Dipapan informasi terpangpang:
Nama Kegiatan: Pembangunan Sarana Prasarana Fisik Desa
Jenis Pekerjaan: Pembangunan Jalan Aspal Hotmik
Volume: 215 M x 3 M
Lokasi: Kp. Padarame
Tahun Anggaran: 2025
Biaya: Rp. 190.000.000,-
Sumber Dana: Dana Desa (DD)
Waktu Pelaksanaan: 90 (Sembilan Puluh Hari Kalender)
Pelaksana: Tim Pengelola Kegiatan (TPK)

Menurut kesaksian warga sekitar, proyek pekerjaan pembangunan jalan aspal Hotmik di Kampung Padarame Desa Sukanegara tersebut diselesaikan selama 3 (tiga) hari. Dan dibenarkan oleh Muhemin selaku anggota TPK Desa Sukanegara melalui sambungan via telpon whatsapp pada awak media tepatnya pada Kamis (20/03/25),

Namun, saat ditanya awak media terkait spesifikasi Hotmik yang digunakan dan harga per ton nya, Muhemin mengatakan bahwa yang membelanjakan Hotmik itu langsung Kepala Desa Sukanegara, dirinya tidak mengetahui spek, harga, dan jumlah nya. Dirinya mempersilahkan langsung saja tanyakan kepada Kepala Desa.

“Gak tah masalah itu mah, langsung dengan pak lurah, yang penting kami pesennya 5 mobil dalam jarak 1 mobilnya 50 meter gitu dalam sekian, kemarin juga kata pekerja, hotmik ini mah paling bagus, dibanding yang lain-lain mah gitu, bahkan panjangnya lebih dari 215 malah sampe 265 diusahakannya sampai pas mesjid,” ujar Muhemin saat ditanya terkait spek dan harga hotmik

Ditambahkan Muhemin, jika jumlah pekerja sekitar 6 orang dengan upah sebesar Rp. 135.000,- per orang selama 3 (tiga) hari.
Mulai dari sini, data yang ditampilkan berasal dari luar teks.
(* Let $q\in\Bbbk$ be arbitrary, let $M$ be any left $\mathcal H_n(q)$-module, and let the subspaces $U_1,\dots,U_{n-1}$ of $M$ be defined either by $U_i=\operatorname{Ker}(T_i-q)_M$ for all $i$, or by $U_i=\operatorname{Im}(T_i+1)_M$ for all $i$. For $0\le i<n$ put $$x_i=\sum_{\sigma\in\mathcal D_i}T_\sigma,\qquad y_i=\sum_{\sigma\in\mathcal D_i^\triangledown}(-1)^{\ell(\sigma)}q^{\,n-1-i-\ell(\sigma)}T_\sigma,$$ where $\mathcal D_i=\{e,\tau_i,\tau_{i-1}\tau_i,\dots,\tau_1\tau_2\cdots\tau_i\}$ and $\mathcal D_i^\triangledown=\{e,\tau_{i+1},\tau_{i+1}\tau_{i+2},\dots,\tau_{i+1}\tau_{i+2}\cdots\tau_{n-1}\}$. Then (i) $x_i$ maps $\Upsilon_i$ into $\Upsilon_{i+1}$ and $y_i$ maps $\Sigma_i$ into $\Sigma_{i+1}$; (ii) the element $x_iy_i$ induces a linear map $s_i:K_i\to K_{i+1}$ of the components of the complex $K_\bullet(M;(U_i))$; (iii) $\partial_{i+1}s_i+s_{i-1}\partial_i=[n]_q\,\mathrm{Id}$ on $K_i$ for $0\le i\le n$ (with $s_{-1}=0$, $s_n=0$, $\partial_0=0$, $\partial_{n+1}=0$). Consequently, if $[n]_q=1+q+\dots+q^{n-1}\neq0$, the complex $K_\bullet(M;(U_i))$ is exact.
   Context: $\mathcal H_n(q)$ is the Hecke algebra over a field $\Bbbk$ with generators $T_1,\dots,T_{n-1}$, braid relations and $(T_i-q)(T_i+1)=0$ (here $q=0$ is allowed), with standard basis $T_\sigma$, $\sigma\in\mathfrak S_n$ ($T_e=1$, $T_{\tau_i\sigma}=T_iT_\sigma$ when $\ell(\tau_i\sigma)>\ell(\sigma)$, $\tau_i=(i,i+1)$). For $x\in\mathcal H_n$, $x_M$ denotes the operator by which $x$ acts on $M$. Given subspaces $U_1,\dots,U_{n-1}$ of a vector space $M$, the complex $K_\bullet(M;(U_i))$: $0\to K_n\to\dots\to K_i\xrightarrow{\partial_i}K_{i-1}\to\dots\to K_0\to0$ has $K_i=\Upsilon_i/(\Upsilon_i\cap\Sigma_i)$ for $0\le i\le n$, where $\Upsilon_i=\bigcap_{j<i}U_j$, $\Sigma_i=\sum_{j>i}U_j$ (with $\Upsilon_0=\Upsilon_1=M$ and $\Sigma_{n-1}=\Sigma_n=0$), and differentials induced by the inclusions $\Upsilon_i\subset\Upsilon_{i-1}$, $\Sigma_i\subset\Sigma_{i-1}$. *)

From HB Require Import structures.
From mathcomp Require Import all_boot all_order all_algebra.
Set Implicit Arguments. Unset Strict Implicit. Unset Printing Implicit Defensive.
Import Order.TTheory GRing.Theory Num.Theory.
Local Open Scope ring_scope.

Definition is_Hecke_module (k : fieldType) (M : lmodType k) (n : nat) (q : k)
    (T : nat -> {linear M -> M}) : Prop :=
  (forall i (m : M), (1 <= i < n)%N -> T i (T i m) = (q - 1) *: T i m + q *: m)
  /\ (forall i (m : M), (1 <= i)%N -> (i.+1 < n)%N ->
        T i (T i.+1 (T i m)) = T i.+1 (T i (T i.+1 m)))
  /\ (forall i j (m : M), (1 <= i < n)%N -> (1 <= j < n)%N -> (i.+1 < j)%N ->
        T i (T j m) = T j (T i m)).

(* Action of T_{tau_{s1} tau_{s2} ... tau_{sr}} = T_{s1} T_{s2} ... T_{sr}
   (the words used below are reduced, so this is T_sigma). *)
Definition word_act (k : fieldType) (M : lmodType k) (T : nat -> {linear M -> M})
    (s : seq nat) (m : M) : M := foldr (fun j v => T j v) m s.

(* x_i = sum_{sigma in D_i} T_sigma, D_i = {tau_a tau_{a+1} ... tau_i : 1 <= a <= i+1}
   (a = i+1 gives e). *)
Definition x_act (k : fieldType) (M : lmodType k) (T : nat -> {linear M -> M})
    (i : nat) (m : M) : M :=
  \sum_(1 <= a < i.+2) word_act T (iota a (i.+1 - a)) m.

(* y_i = sum_{sigma in D_i^v} (-1)^l(sigma) q^(n-1-i-l(sigma)) T_sigma,
   sigma = tau_{i+1} ... tau_{i+r}, 0 <= r <= n-1-i, l(sigma) = r. *)
Definition y_act (k : fieldType) (M : lmodType k) (n : nat) (q : k)
    (T : nat -> {linear M -> M}) (i : nat) (m : M) : M :=
  \sum_(r < n - i) (((-1) ^+ r * q ^+ (n - 1 - i - r)) *: word_act T (iota i.+1 r) m).

Definition qint (k : fieldType) (n : nat) (q : k) : k := \sum_(r < n) q ^+ r.

Definition Upsilon (k : fieldType) (M : lmodType k) (U : nat -> M -> Prop)
    (i : nat) (m : M) : Prop :=
  forall j, (1 <= j < i)%N -> U j m.

Definition Sigma (k : fieldType) (M : lmodType k) (n : nat) (U : nat -> M -> Prop)
    (i : nat) (m : M) : Prop :=
  exists f : nat -> M, (forall j, (i < j < n)%N -> U j (f j))
                       /\ m = \sum_(i.+1 <= j < n) f j.
(* Let $n,b$ be integers with $1<n<b$, let $C$ be an $(n,b)$-permutiple class, and let $G_C$ be its graph. The following statements are equivalent: (1) $\overline{G}_C$ is the graph of a permutiple class, i.e. there is an $(n,b)$-permutiple $q$ with $G_q=\overline{G}_C$; (2) the state $0$ is a vertex of $\overline{\Gamma}_C$; (3) the state $n-1$ is a vertex of $\Gamma_C$.
   Context: For digits $0\le d_j<b$, $(d_k,\ldots,d_0)_b$ denotes $\sum_{j=0}^k d_jb^j$ (leading zero digits allowed). For a permutation $\sigma$ of $\{0,\ldots,k\}$, $(d_k,\ldots,d_0)_b$ is an $(n,b,\sigma)$-permutiple if $(d_k,\ldots,d_0)_b=n\cdot(d_{\sigma(k)},\ldots,d_{\sigma(0)})_b$, and an $(n,b)$-permutiple if this holds for some $\sigma$. The graph $G_p$ of such a $p$ is the directed graph with vertex set $\{0,\ldots,b-1\}$ and edge set $\{(d_j,d_{\sigma(j)})\mid 0\le j\le k\}$. The class of an $(n,b)$-permutiple $p$ is the set $C$ of all $(n,b)$-permutiples $q$ with $G_q$ a subgraph of $G_p$; its graph is $G_C=G_p$. For a digit $d$ put $\overline d=b-1-d$, for a state $c\in\{0,\ldots,n-1\}$ put $\overline c=n-1-c$. The reflection $\overline{G}$ of a directed graph $G$ on $\{0,\ldots,b-1\}$ has the same vertices and edges $(\overline{d}_1,\overline{d}_2)$ for edges $(d_1,d_2)$ of $G$. Let $\lambda(x)$ be the least non-negative residue of $x$ mod $b$; the mother graph $M$ is the directed graph on $\{0,\ldots,b-1\}$ with edges the pairs $(d_1,d_2)$ with $\lambda(d_1+(b-n)d_2)\le n-1$. The Hoey-Sloane graph $\Gamma$ is the edge-labelled directed graph on states $\{0,\ldots,n-1\}$ in which $(c_1,c_2)$ is an edge labelled by every edge $(d_1,d_2)$ of $M$ with $n d_2-d_1+c_1=bc_2$ (an edge exists iff there is at least one such label). The cycle image of a directed cycle $C_0$ of $M$ is the edge-labelled subgraph of $\Gamma$ with edges the $(c_1,c_2)$ for which $\{(d_1,d_2)\in C_0\mid n d_2-d_1+c_1=bc_2\}$ is nonempty, labelled by this set, and vertices the endpoints of these edges. $\Gamma_C$ is the union (of vertices, edges and labels) of the cycle images of the directed cycles of $M$ contained in $G_C$. The reflection $\overline{\Gamma}_C$ has vertices $\overline{c}$, edges $(\overline{c}_1,\overline{c}_2)$ and labels $(\overline{d}_1,\overline{d}_2)$ for the vertices $c$, edges $(c_1,c_2)$ and labels $(d_1,d_2)$ of $\Gamma_C$. *)

From mathcomp Require Import all_boot all_order all_algebra all_fingroup.
Set Implicit Arguments. Unset Strict Implicit. Unset Printing Implicit Defensive.
Import GRing.Theory Num.Theory.
Definition binomial_gen_system (K : fieldType) (m : nat)
  (L : {ffun 'I_m -> int} -> Prop) (S : {mpoly K[m]} -> Prop) : Prop :=
  (forall f, S f -> is_binomial K m f) /\
  (forall f, ideal_gen K m S f <-> I_L K m L f).

Definition indispensable (K : fieldType) (m : nat)
  (L : {ffun 'I_m -> int} -> Prop) (M : 'X_{1..m}) : Prop :=
  forall S, binomial_gen_system K m L S -> exists f, S f /\ M \in msupp f.

Definition msupport (m : nat) (M : 'X_{1..m}) : {set 'I_m} :=
  [set i | M i != 0%N].

Definition Tmin (K : fieldType) (m : nat) (L : {ffun 'I_m -> int} -> Prop)
  (E : {set 'I_m}) : Prop :=
  (exists M, indispensable K m L M /\ msupport m M = E) /\
  ~ (exists M, indispensable K m L M /\ msupport m M \proper E).

(* A-degree of a monomial; A is given by its columns a_i = A i *)
Definition Adeg (m n : nat) (A : 'I_m -> 'I_n -> int) (M : 'X_{1..m})
  : {ffun 'I_n -> int} :=
  [ffun j => \sum_(i < m) (M i)%:Z * A i j].

Definition A_homogeneous (K : fieldType) (m n : nat) (A : 'I_m -> 'I_n -> int)
  (F : {mpoly K[m]}) : Prop :=
  forall M M', M \in msupp F -> M' \in msupp F -> Adeg m n A M = Adeg m n A M'.

Definition Gamma_face (K : fieldType) (m n : nat) (L : {ffun 'I_m -> int} -> Prop)
  (A : 'I_m -> 'I_n -> int) (sigma : {set {set 'I_m}}) : Prop :=
  (forall E, E \in sigma -> Tmin K m L E) /\
  exists (Mf : {set 'I_m} -> 'X_{1..m}) (d : {ffun 'I_n -> int}),
    forall E, E \in sigma -> msupport m (Mf E) = E /\ Adeg m n A (Mf E) = d.

Definition vertex_of_poly (K : fieldType) (m : nat) (L : {ffun 'I_m -> int} -> Prop)
  (F : {mpoly K[m]}) (E : {set 'I_m}) : Prop :=
  Tmin K m L E /\ exists M, M \in msupp F /\ msupport m M = E.

Definition GammaF_face (K : fieldType) (m n : nat) (L : {ffun 'I_m -> int} -> Prop)
  (A : 'I_m -> 'I_n -> int) (F : {mpoly K[m]}) (sigma : {set {set 'I_m}}) : Prop :=
  Gamma_face K m n L A sigma /\ (forall E, E \in sigma -> vertex_of_poly K m L F E).

Definition spanning_subcomplex (K : fieldType) (m n : nat)
  (L : {ffun 'I_m -> int} -> Prop) (A : 'I_m -> 'I_n -> int)
  (C : {set {set 'I_m}} -> Prop) : Prop :=
  (forall sigma, C sigma -> Gamma_face K m n L A sigma) /\
  (forall E, Gamma_face K m n L A [set E] -> C [set E]).

Definition is_simplex_of (K : fieldType) (m n : nat)
  (L : {ffun 'I_m -> int} -> Prop) (A : 'I_m -> 'I_n -> int)
  (C : {set {set 'I_m}} -> Prop) : Prop :=
  exists sigma, Gamma_face K m n L A sigma /\
    (forall tau, C tau <-> tau \subset sigma).

(* The vertices of Gamma_L are inclusion-minimal positive supports supp(w+)
   of nonzero w in L: for such a support E, a w of least degree among the
   lattice vectors with supp(w+) in E makes x^w+ indispensable.  Setting
   x_i = 0 for i outside E is a ring morphism sending the binomial of w to
   x^w+, hence its powers to nonzero monomials, while on I_L it keeps only
   monomials divisible by some x^v+ with supp(v+) in E, which by minimality
   have support exactly E.  As the F_i generate I_L up to radical, some F_i
   survives the substitution, i.e. has a monomial of support E.  Each
   Gamma_L(F_i) is a simplex because all monomials of F_i share one A-degree. *)
From HB Require Import structures.
From mathcomp Require Import all_boot all_order all_algebra.
From mathcomp Require Import mpoly.
From mathcomp Require Import boolp.
Import Order.TTheory GRing.Theory Num.Theory.
Local Open Scope ring_scope.

Section PositiveNegativeParts.
Context {m : nat}.
Implicit Type u : {ffun 'I_m -> int}.

Lemma pos_partE u i : pos_part m u i = if 0 < u i then `|u i|%N else 0%N.
Proof. by rewrite /pos_part mnmE; case: (leP (u i) 0). Qed.

Lemma neg_partE u i : neg_part m u i = if u i < 0 then `|u i|%N else 0%N.
Proof. by rewrite /neg_part mnmE -oppr_gt0; case: (leP (- u i) 0); rewrite ?abszN. Qed.

Lemma pos_partN u : pos_part m (- u) = neg_part m u.
Proof. by apply/mnmP => i; rewrite pos_partE neg_partE ffunE oppr_gt0 abszN. Qed.

Lemma neg_partN u : neg_part m (- u) = pos_part m u.
Proof. by rewrite -pos_partN opprK. Qed.

Lemma pos_part0 : pos_part m 0 = 0%MM.
Proof. by apply/mnmP => i; rewrite pos_partE ffunE mnm0E. Qed.

Lemma neg_part0 : neg_part m 0 = 0%MM.
Proof. by rewrite -pos_partN oppr0 pos_part0. Qed.

Lemma neg_part_eq0 {u i} : pos_part m u i != 0%N -> neg_part m u i = 0%N.
Proof. by rewrite pos_partE neg_partE; case: ltgtP. Qed.

Lemma pos_part_eq0 {u i} : neg_part m u i != 0%N -> pos_part m u i = 0%N.
Proof. by move=> ui; rewrite -neg_partN neg_part_eq0 // pos_partN. Qed.

Lemma pos_support_eq0 u : msupport m (pos_part m u) = set0 -> forall i, u i <= 0.
Proof.
move=> supp0 i; have : i \notin msupport m (pos_part m u) by rewrite supp0 inE.
by rewrite inE negbK pos_partE; case: ltP => // ui_gt0; rewrite absz_eq0 gt_eqF.
Qed.

End PositiveNegativeParts.

Section MonomialDegree.
Context {m : nat}.
Implicit Types M : 'X_{1..m}.

Lemma mdeg_lepm {M M'} : (M <= M')%MM -> (mdeg M <= mdeg M')%N.
Proof. by move/mnm_lepP => le; rewrite !mdegE; apply: leq_sum => i _. Qed.

Lemma lepm_mdeg_eq {M M'} : (M <= M')%MM -> (mdeg M' <= mdeg M)%N -> M = M'.
Proof.
move=> le; rewrite -(submK le) mdegD -{2}[mdeg M]add0n leq_add2r leqn0 mdeg_eq0.
by move/eqP ->; rewrite add0m.
Qed.

End MonomialDegree.

Lemma nat_min_witness (P : nat -> Prop) :
  (exists n, P n) -> exists n, P n /\ forall k, P k -> (n <= k)%N.
Proof.
case=> n0 Pn0; have exP : exists n, `[< P n >] by exists n0; apply/asboolP.
case: (ex_minnP exP) => n /asboolP Pn nmin.
by exists n; split=> // k /asboolP /nmin.
Qed.

Section Restriction.
Context {K : fieldType} {m : nat}.
Implicit Types (S : {mpoly K[m]} -> Prop) (E : {set 'I_m}) (M : 'X_{1..m}).

Lemma ideal_gen_self S f : S f -> ideal_gen K m S f.
Proof.
move=> Sf; exists [:: (f, 1)]; rewrite big_seq1 mul1r.
by split=> // p; rewrite mem_seq1 => /eqP ->.
Qed.

Definition restrict E : {mpoly K[m]} -> {mpoly K[m]} :=
  comp_mpoly [tuple if i \in E then 'X_i else 0 | i < m].
HB.instance Definition _ E := GRing.RMorphism.on (restrict E).

Lemma restrictX E M :
  restrict E 'X_[M] = if msupport m M \subset E then 'X_[M] else 0.
Proof.
rewrite /restrict comp_mpolyX; case: ifPn => [ME | /subsetPn [i iM iE]].
  rewrite [RHS]mpolyXE_id; apply: eq_bigr => i _; rewrite tnth_mktuple.
  case: ifPn => // iE; have : i \notin msupport m M by apply: contra iE; apply: (subsetP ME).
  by rewrite inE negbK => /eqP ->; rewrite !expr0.
rewrite (bigD1 i) //= tnth_mktuple (negbTE iE) expr0n.
by move: iM; rewrite inE => /negbTE ->; rewrite mul0r.
Qed.

Lemma msupp_restrict {E p M} :
  M \in msupp (restrict E p) -> M \in msupp p /\ msupport m M \subset E.
Proof.
rewrite /restrict comp_mpolyEX => /msupp_sum_le /flattenP [s /mapP [M']].
rewrite mem_filter /= => M'p -> /msuppZ_le.
rewrite -/(restrict E 'X_[M']) restrictX; case: ifP => [M'E | _]; last by rewrite msupp0.
by rewrite msuppX mem_seq1 => /eqP ->.
Qed.

Lemma msupp_restrict_ideal_gen {S E g M} :
  ideal_gen K m S g -> M \in msupp (restrict E g) ->
  exists2 f, S f & exists2 M', M' \in msupp (restrict E f) & (M' <= M)%MM.
Proof.
case=> r [rS ->]; rewrite raddf_sum.
move=> /msupp_sum_le /flattenP [s /mapP [p]]; rewrite mem_filter /= => pr -> {s}.
rewrite rmorphM => /msuppM_le /allpairsP [[M1 M2] /= [_ M2p ->]].
by exists p.1; [exact: rS | exists M2; last exact: lem_addl].
Qed.

Lemma restrict_ideal_gen_eq0 {S E g} :
  (forall f, S f -> restrict E f = 0) -> ideal_gen K m S g -> restrict E g = 0.
Proof.
move=> S0 Sg; apply/msuppnil0; case e: (msupp _) => [|M ms] //.
have /(msupp_restrict_ideal_gen Sg) : M \in msupp (restrict E g) by rewrite e mem_head.
by case=> f /S0 -> [M']; rewrite msupp0.
Qed.

End Restriction.

Section PointedLattice.
Context {m : nat} {L : {ffun 'I_m -> int} -> Prop}.
Hypothesis L_lattice : is_lattice m L.
Hypothesis L_pointed : forall u, L u -> (forall i, 0 <= u i) -> u = 0.
Implicit Types (u v w : {ffun 'I_m -> int}) (E : {set 'I_m}).

Lemma lattice_opp u : L u -> L (- u).
Proof. by case: L_lattice => L0 LB /(LB _ _ L0); rewrite sub0r. Qed.

Lemma pos_support_neq0 {u} : L u -> u != 0 -> msupport m (pos_part m u) != set0.
Proof.
move=> Lu; apply: contraNneq => /pos_support_eq0 u_le0.
rewrite -oppr_eq0; apply/eqP/L_pointed; first exact: lattice_opp.
by move=> i; rewrite ffunE oppr_ge0.
Qed.

Lemma neg_support_neq0 {u} : L u -> u != 0 -> msupport m (neg_part m u) != set0.
Proof.
move=> Lu unz; rewrite -pos_partN pos_support_neq0 ?oppr_eq0 //; exact: lattice_opp.
Qed.

Definition minimal_pos_support E : Prop :=
  forall v, L v -> v != 0 -> msupport m (pos_part m v) \subset E ->
    msupport m (pos_part m v) = E.

Lemma minimal_pos_support_exists {v} : L v -> v != 0 ->
  exists w, [/\ L w, w != 0, minimal_pos_support (msupport m (pos_part m w))
              & msupport m (pos_part m w) \subset msupport m (pos_part m v)].
Proof.
move=> Lv vnz.
pose P k := exists w, [/\ L w, w != 0,
  msupport m (pos_part m w) \subset msupport m (pos_part m v)
  & #|msupport m (pos_part m w)| = k].
have [_ [[w [Lw wnz wv <-]] wmin]] : exists k, P k /\ forall k', P k' -> (k <= k')%N.
  by apply: nat_min_witness; exists #|msupport m (pos_part m v)|, v.
exists w; split=> // v' Lv' v'nz v'w; apply/eqP; rewrite eqEcard v'w /=.
by apply: wmin; exists v'; split=> //; apply: subset_trans v'w wv.
Qed.

Lemma min_degree_exists {E w} : L w -> w != 0 -> msupport m (pos_part m w) \subset E ->
  exists w', [/\ L w', w' != 0, msupport m (pos_part m w') \subset E
    & forall v, L v -> v != 0 -> msupport m (pos_part m v) \subset E ->
        (mdeg (pos_part m w') <= mdeg (pos_part m v))%N].
Proof.
move=> Lw wnz wE.
pose P k := exists v, [/\ L v, v != 0, msupport m (pos_part m v) \subset E
  & mdeg (pos_part m v) = k].
have [_ [[w' [Lw' w'nz w'E <-]] w'min]] : exists k, P k /\ forall k', P k' -> (k <= k')%N.
  by apply: nat_min_witness; exists (mdeg (pos_part m w)), w.
by exists w'; split=> // v Lv vnz vE; apply: w'min; exists v.
Qed.

Section LatticeIdeal.
Context {K : fieldType}.

Definition lattice_binom u : {mpoly K[m]} := 'X_[pos_part m u] - 'X_[neg_part m u].

Lemma restrict_dominates_pos_part {E g M} :
  I_L K m L g -> M \in msupp (restrict E g) ->
  exists v, [/\ L v, v != 0, msupport m (pos_part m v) \subset E
              & (pos_part m v <= M)%MM].
Proof.
move=> /msupp_restrict_ideal_gen Ig /Ig [_ [u [Lu ->]] [M' M'u le]].
have [u0 | unz] := eqVneq u 0.
  by move: M'u; rewrite u0 pos_part0 neg_part0 subrr rmorph0 msupp0.
case/msupp_restrict: M'u => /msuppB_le; rewrite mem_cat !msuppX !mem_seq1 => M'u M'E.
have [v [Lv vnz M'v]] : exists v, [/\ L v, v != 0 & M' = pos_part m v].
  case/orP: M'u => /eqP ->; first by exists u.
  by exists (- u); rewrite pos_partN oppr_eq0; split=> //; exact: lattice_opp.
by exists v; rewrite -M'v.
Qed.

Lemma msupp_restrict_minimal {E g M} : minimal_pos_support E ->
  I_L K m L g -> M \in msupp (restrict E g) -> M \in msupp g /\ msupport m M = E.
Proof.
move=> Emin Ig MgE; have [Mg ME] := msupp_restrict MgE.
have [v [Lv vnz vE le]] := restrict_dominates_pos_part Ig MgE.
split=> //; apply/eqP; rewrite eqEsubset ME -(Emin v Lv vnz vE) /=.
apply/subsetP => i; rewrite !inE; apply: contraNneq => Mi0.
by move/mnm_lepP: le => /(_ i); rewrite Mi0 leqn0.
Qed.

(* Since supp(w+) = E and supp(w-) is a nonempty set disjoint from it,
   only x^w+ survives. *)
Lemma restrict_lattice_binom {E w} : L w -> w != 0 -> msupport m (pos_part m w) = E ->
  restrict E (lattice_binom w) = 'X_[pos_part m w].
Proof.
move=> Lw wnz wE; rewrite /lattice_binom rmorphB /= !restrictX -wE subxx.
have /set0Pn [i] := neg_support_neq0 Lw wnz; rewrite inE => wi.
suff /negbTE -> : ~~ (msupport m (neg_part m w) \subset msupport m (pos_part m w)).
  by rewrite subr0.
by apply/subsetPn; exists i; rewrite !inE ?wi // negbK pos_part_eq0.
Qed.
Merujuk ucapan Muhemin selaku anggota TPK Desa Sukanegara yang mengatakan, bahwa yang belanja matrial aspal hotmik, dan lainnya itu adalah Kepala Desa. Jelas, hal ini mempertegas bahwa dalam realisasi anggaran penggunaan fisik dana desa yang diperuntukkan untuk kegiatan proyek pembangunan aspal jalan hotmik di Desa Sukanegara, terindikasi ada dugaan intervensi Kepala Desa Sukanegara yang diduga menyalahgunakan kewenanganya terhadap anggaran fisik dana desa. Hal ini terbukt berdasarkan testimoni Muhemin kepada awak media selaku anggota TPK Sukanegara, yang mengatakan bahwa yang belanja hotmik itu adalah Kepala Desa Sukanegara.

Untuk membuktikan ucapan Muhemin, awak media langsung mengkonfirmasi supplayer aspal hotmik yang berlokasi di Kecamatan Bojong Pandeglang pada Kamis (20/03/25), melalui perwakilan perusahaan dari PT RAP.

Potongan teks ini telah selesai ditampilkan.